== Raw data ==
(* Let $q$ be a prime power, let $m>a\geq0$, $n>b\geq0$, $h\geq0$ be integers with $h\leq (m-a)(n-b)-\max\{m-a,n-b\}$, and let $N=mn$. If $\mathcal{C}_{\mathsf{out}}$ is an $[N,k]$ code over $\mathbb{F}_q$ with $\mathcal{C}_{\mathsf{out}}\in\mathbb{C}^{\mathsf{MR}}_{m\times n}(a,b,0)$, then there exists an $[N,k-h]$ code $\mathcal{C}$ over $\mathbb{F}_{q^{k}}$ with $\mathcal{C}\in\mathbb{C}^{\mathsf{MR}}_{m\times n}(a,b,h)$.
   Context: Positions of vectors in $\mathbb{F}^{mn}$ are identified with the grid $[m]\times[n]$, where $[k]=\{1,\dots,k\}$. For linear codes $\mathcal{C}_1\subseteq\mathbb{F}^m$, $\mathcal{C}_2\subseteq\mathbb{F}^n$ with generator matrices $\mathbf{G}_1,\mathbf{G}_2$, $\mathcal{C}_1\otimes\mathcal{C}_2$ is the row span of $\mathbf{G}_1\otimes\mathbf{G}_2$. A code for the topology $T_{m\times n}(a,b,h)$ is a linear code over a finite field $\mathbb{F}$ with a parity-check matrix $\begin{pmatrix}\mathbf{H}_{\mathsf{local}}\\ \mathbf{H}_{\mathsf{global}}\end{pmatrix}$, where $\mathbf{H}_{\mathsf{local}}$ is a parity-check matrix of $\mathcal{C}_{\mathsf{col}}\otimes\mathcal{C}_{\mathsf{row}}$ for some linear $[m,\geq m-a]$ code $\mathcal{C}_{\mathsf{col}}$ and $[n,\geq n-b]$ code $\mathcal{C}_{\mathsf{row}}$ over $\mathbb{F}$, and $\mathbf{H}_{\mathsf{global}}$ is an arbitrary $h\times mn$ matrix; $\mathbb{C}_{m\times n}(a,b,h)$ is the set of all such codes (over any finite field). A code corrects an erasure pattern $\mathcal{E}\subseteq[m]\times[n]$ if no two distinct codewords agree on all positions outside $\mathcal{E}$. $\mathcal{E}$ is correctable in $T_{m\times n}(a,b,h)$ if some code in $\mathbb{C}_{m\times n}(a,b,h)$ corrects it; $\mathbb{E}_{m\times n}(a,b,h)$ is the set of such patterns. A code in $\mathbb{C}_{m\times n}(a,b,h)$ is maximally recoverable (MR) if it corrects every pattern in $\mathbb{E}_{m\times n}(a,b,h)$; $\mathbb{C}^{\mathsf{MR}}_{m\times n}(a,b,h)$ is the set of MR codes. *)

From HB Require Import structures.
From mathcomp Require Import all_boot all_order all_algebra all_field.
From mathcomp Require Import mxtens.
Set Implicit Arguments. Unset Strict Implicit. Unset Printing Implicit Defensive.
Import GRing.Theory.
Local Open Scope ring_scope.

(* Conventions.
   - A linear code of length N over a field F is the row space of a matrix
     C : 'M[F]_N (any spanning set of rows); its dimension is \rank C.
   - Vectors of F^(m*n) are row vectors 'rV[F]_(m*n); the grid position
     (i,j) in [m]x[n] is the coordinate mxtens_index (i,j) (= i*n + j),
     which is the indexing used by the Kronecker product tensmx (A *t B). *)

Definition pc_code (F : fieldType) (r N : nat) (H : 'M[F]_(r, N)) : 'M[F]_N :=
  kermx H^T.

Definition tens_code (F : fieldType) (m n : nat) (Gcol : 'M[F]_m) (Grow : 'M[F]_n)
  : 'M[F]_(m * n) := Gcol *t Grow.

Definition in_topology (F : fieldType) (m n a b h : nat) (C : 'M[F]_(m * n)) : Prop :=
  exists (Gcol : 'M[F]_m) (Grow : 'M[F]_n),
    [/\ (m - a <= \rank Gcol)%N, (n - b <= \rank Grow)%N &
    exists (r : nat) (Hloc : 'M[F]_(r, m * n)) (Hglob : 'M[F]_(h, m * n)),
      (pc_code Hloc == tens_code Gcol Grow)%MS /\
      (C == pc_code (col_mx Hloc Hglob))%MS].

Definition corrects (F : fieldType) (m n : nat) (C : 'M[F]_(m * n))
  (E : {set 'I_m * 'I_n}) : Prop :=
  forall x y : 'rV[F]_(m * n), (x <= C)%MS -> (y <= C)%MS ->
    (forall ij, ij \notin E -> x 0 (mxtens_index ij) = y 0 (mxtens_index ij)) ->
    x = y.

Definition correctable (m n a b h : nat) (E : {set 'I_m * 'I_n}) : Prop :=
  exists (F : finFieldType) (C : 'M[F]_(m * n)),
    in_topology a b h C /\ corrects C E.

Definition is_MR (F : fieldType) (m n a b h : nat) (C : 'M[F]_(m * n)) : Prop :=
  in_topology a b h C /\
  forall E : {set 'I_m * 'I_n}, correctable a b h E -> corrects C E.

(* Let G be a basis of C_out, alpha a basis of F_{q^k} over F_q and M the k x h
   matrix (alpha_j^(q^i)).  The code {u G : u M = 0} keeps the local structure of
   C_out, adds the h global parities given by M and has dimension k - h.
   If E is correctable in T(a, b, h), the codewords of C_out supported on E form
   a space of dimension t <= h: an information set of the corresponding space of
   a witness code turns E into a pattern correctable in T(a, b, 0), which C_out
   corrects.  A codeword of the new code supported on E is then lambda Y G with
   Y a row-free t x k matrix over F_q, and lambda Y M = lambda M' where M' is the
   Moore matrix of the t elements Y alpha, still independent over F_q.  Such a
   Moore matrix with h >= t columns has rank t, so lambda = 0. *)

From HB Require Import structures.
From mathcomp Require Import all_boot all_order all_algebra all_field.
From mathcomp Require Import mxtens.
Set Implicit Arguments. Unset Strict Implicit. Unset Printing Implicit Defensive.
Import GRing.Theory.
Local Open Scope ring_scope.

Lemma tensmx11 (K : comPzRingType) p r :
  (1%:M : 'M[K]_p) *t (1%:M : 'M[K]_r) = 1%:M.
Proof.
apply/matrixP => i j.
case: (mxtens_indexP i) => i1 i2; case: (mxtens_indexP j) => j1 j2.
rewrite tensmxE !mxE (inj_eq (can_inj (@mxtens_indexK _ _))) xpair_eqE.
by case: (i1 == j1); case: (i2 == j2); rewrite ?mulr1n ?mulr0n ?mulr1 ?mulr0.
Qed.

Lemma mxrank_tensmx_ge (K : fieldType) p1 p2 r1 r2 (A : 'M[K]_(p1, p2))
    (B : 'M[K]_(r1, r2)) :
  (\rank A * \rank B <= \rank (A *t B))%N.
Proof.
have /row_freeP[PA PA_inv] := row_base_free A.
have /row_freeP[PB PB_inv] := row_base_free B.
have base_free : row_free (row_base A *t row_base B).
  by apply/row_freeP; exists (PA *t PB); rewrite tensmx_mul PA_inv PB_inv tensmx11.
rewrite -(eqP base_free); apply: mxrankS.
have sA : (row_base A <= A)%MS by rewrite eq_row_base.
have sB : (row_base B <= B)%MS by rewrite eq_row_base.
by rewrite -(mulmxKpV sA) -(mulmxKpV sB) -tensmx_mul submxMl.
Qed.

Lemma eqmx_rV (K : fieldType) p1 p2 N (A : 'M[K]_(p1, N)) (B : 'M_(p2, N)) :
  (forall x : 'rV_N, (x <= A)%MS = (x <= B)%MS) -> (A == B)%MS.
Proof.
move=> eqAB; apply/andP; split; apply/row_subP => i;
  by [rewrite -eqAB row_sub | rewrite eqAB row_sub].
Qed.

Lemma mxrank_le_inj (K : fieldType) p N r (V : 'M[K]_(p, N)) (A : 'M_(N, r)) :
  (forall x : 'rV_N, (x <= V)%MS -> x *m A = 0 -> x = 0) -> (\rank V <= r)%N.
Proof.
move=> injA; rewrite -(mxrank_mul_ker V A).
have /eqP -> : \rank (V :&: kermx A) == 0%N.
  rewrite mxrank_eq0; apply/rowV0P => x; rewrite sub_capmx sub_kermx.
  by case/andP => xV /eqP; apply: injA.
by rewrite addn0 rank_leq_col.
Qed.

Lemma exists_information_set (K : fieldType) p N (V : 'M[K]_(p, N)) :
  exists f : 'I_(\rank V) -> 'I_N,
    forall x : 'rV_N, (x <= V)%MS -> x *m colsub f 1%:M = 0 -> x = 0.
Proof.
rewrite -mxrank_tr; pose f := maxrankfun V^T; exists f => x xV xf.
have rank_sel : \rank (V *m colsub f 1%:M) = \rank V.
  rewrite mulmx_colsub mulmx1 -mxrank_tr -[RHS]mxrank_tr trmx_mxsub.
  exact/eqP/maxrowsub_free.
have := mxrank_mul_ker V (colsub f 1%:M); rewrite rank_sel -[RHS]addn0 => /addnI.
move=> /eqP; rewrite mxrank_eq0 => /rowV0P; apply.
by rewrite sub_capmx xV sub_kermx xf eqxx.
Qed.

Section MooreMatrix.
Variables (F : finFieldType) (L : fieldType) (phi : {rmorphism F -> L}).
Local Notation q := #|F|.
Local Notation "A ^f" := (map_mx phi A) : ring_scope.

Definition free_over t (beta : 'cV[L]_t) :=
  forall d : 'rV[F]_t, d^f *m beta = 0 -> d = 0.

Definition moore s t (beta : 'cV[L]_t) : 'M[L]_(t, s) :=
  \matrix_(l, i) beta l 0 ^+ (q ^ i).

Lemma expr_card_sum i I (r : seq I) (P : pred I) (G : I -> L) :
  (\sum_(j <- r | P j) G j) ^+ (q ^ i) = \sum_(j <- r | P j) G j ^+ (q ^ i).
Proof.
have [p p_pr pcharFp] := finPcharP F.
have q_nat : [pchar L].-nat (q ^ i)%N.
  by rewrite (card_pprimeChar pcharFp) -expnM pnatX (pnatE _ p_pr) (rmorph_pchar phi).
apply: (big_morph (fun x => x ^+ (q ^ i)) (fun x y => exprDn_pchar x y q_nat)).
by rewrite expr0n expn_eq0 (gtn_eqF (ltnW (finNzRing_gt1 F))).
Qed.

Lemma rmorph_expr_card (c : F) i : phi c ^+ (q ^ i) = phi c.
Proof.
rewrite -rmorphXn; congr (phi _).
by elim: i => [|i IHi]; rewrite ?expr1 // expnSr exprM IHi expf_card.
Qed.

Lemma moore_mul s t u (Y : 'M[F]_(u, t)) (beta : 'cV[L]_t) :
  moore s (Y^f *m beta) = Y^f *m moore s beta.
Proof.
apply/matrixP => l i; rewrite !mxE expr_card_sum.
by apply: eq_bigr => j _; rewrite !mxE exprMn rmorph_expr_card.
Qed.

Lemma free_over_mul u t (Y : 'M[F]_(u, t)) (beta : 'cV[L]_t) :
  row_free Y -> free_over beta -> free_over (Y^f *m beta).
Proof.
move=> Y_free beta_free d; rewrite mulmxA -map_mxM => /beta_free/eqP.
by rewrite mulmx_free_eq0 // => /eqP.
Qed.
===
# What you have to do
Given the records above, restate word for word only the lines starting at the one with "Section MooreMatrix." and ending at the one with "by rewrite (card_pprimeChar".

# Written solution
Section MooreMatrix.
Variables (F : finFieldType) (L : fieldType) (phi : {rmorphism F -> L}).
Local Notation q := #|F|.
Local Notation "A ^f" := (map_mx phi A) : ring_scope.

Definition free_over t (beta : 'cV[L]_t) :=
  forall d : 'rV[F]_t, d^f *m beta = 0 -> d = 0.

Definition moore s t (beta : 'cV[L]_t) : 'M[L]_(t, s) :=
  \matrix_(l, i) beta l 0 ^+ (q ^ i).

Lemma expr_card_sum i I (r : seq I) (P : pred I) (G : I -> L) :
  (\sum_(j <- r | P j) G j) ^+ (q ^ i) = \sum_(j <- r | P j) G j ^+ (q ^ i).
Proof.
have [p p_pr pcharFp] := finPcharP F.
have q_nat : [pchar L].-nat (q ^ i)%N.
  by rewrite (card_pprimeChar pcharFp) -expnM pnatX (pnatE _ p_pr) (rmorph_pchar phi).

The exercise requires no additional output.